FDI contraction in November

Author: Daily Times

The government seems surprised by the sudden contraction in Foreign Direct Investment (FDI) in the month of November, and rightly so. Even if monthly increases leading to October were rather small, the rising trend still gave the government something to write home about and the prime minister and his team could mention it every time they claimed that the economy had improved. Suddenly there was a net outflow in November to the tune of $16 million, which has left many in Islamabad scratching their heads. And while the uptrend could well resume next month, considering how it is whipsawing, and the government will no doubt investigate the reasons for the outflow, a far more urgent question is what to do to stabilise reserves in a way that the economy is not always dependent on foreign loans or investments.

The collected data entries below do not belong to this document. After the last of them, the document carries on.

(* Let $A$ be an annihilator locally $C^{\ast}$-algebra and $I$ a closed two-sided ideal of $A$. Then $I$ and $A/I$ are annihilator locally $C^{\ast}$-algebras, and $A$ is topologically ${}^{\ast}$-isomorphic to the Cartesian product $I\times A/I$.
   Context: Locally $C^{\ast}$-algebra: complete Hausdorff locally convex ${}^{\ast}$-algebra over $\mathbb{C}$ with jointly continuous multiplication, topology given by $C^{\ast}$-seminorms. Annihilator algebra: for every closed left ideal $J$ and closed right ideal $K$, $\mathrm{ran}(J)=0\iff J=A$ and $\mathrm{lan}(K)=0\iff K=A$, where $\mathrm{lan}(S)=\{a:aS=0\}$, $\mathrm{ran}(S)=\{a:Sa=0\}$. *)

From HB Require Import structures.
From mathcomp Require Import all_boot all_order all_algebra.
From mathcomp Require Import complex.
From Stdlib Require Lists.List.
From mathcomp Require Import boolp classical_sets reals filter.
Set Implicit Arguments. Unset Strict Implicit. Unset Printing Implicit Defensive.
Import Order.TTheory GRing.Theory Num.Theory.
Local Open Scope ring_scope.
Local Open Scope classical_set_scope.

Notation cnorm := (@Normc.normc _).

(* Raw data of a (possibly non-unital) complex *-algebra equipped with a family
   of seminorms (indexed by lc_idx) defining its locally convex topology. *)
Record lcdata (R : realType) := LCData {
  lc_car : Type;
  lc_idx : Type;
  lc_zero : lc_car;
  lc_add : lc_car -> lc_car -> lc_car;
  lc_opp : lc_car -> lc_car;
  lc_scale : R[i] -> lc_car -> lc_car;
  lc_mul : lc_car -> lc_car -> lc_car;
  lc_star : lc_car -> lc_car;
  lc_sn : lc_idx -> lc_car -> R }.
Arguments LCData {R}.
Arguments lc_sn {R} l i _.

Section LC.
Variable R : realType.
Variable A : lcdata R.
Local Notation T := (lc_car A).
Local Notation "0A" := (lc_zero A).
Local Notation "x .+ y" := (lc_add x y) (at level 50, left associativity).
Local Notation ".- x" := (lc_opp x) (at level 35).
Local Notation "a .* x" := (lc_scale a x) (at level 40).
Local Notation "x .x y" := (lc_mul x y) (at level 40, left associativity).
Local Notation p := (lc_sn A).
Local Notation lsub x y := (lc_add x (lc_opp y)).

That is where this government, just like all others before it, will confront the problem of extremely low tax collection and not-good-enough export earnings. Sure, there is a very welcome feel-good factor just when remittances surprise to the upside, just like they have been doing for the past few months, but such trends are always temporary and should never be counted on for too long. It is taxes and exports, at the end of the day, that determine the health of national reserves. And that is precisely where government after government has failed the Republic of Pakistan and all its people.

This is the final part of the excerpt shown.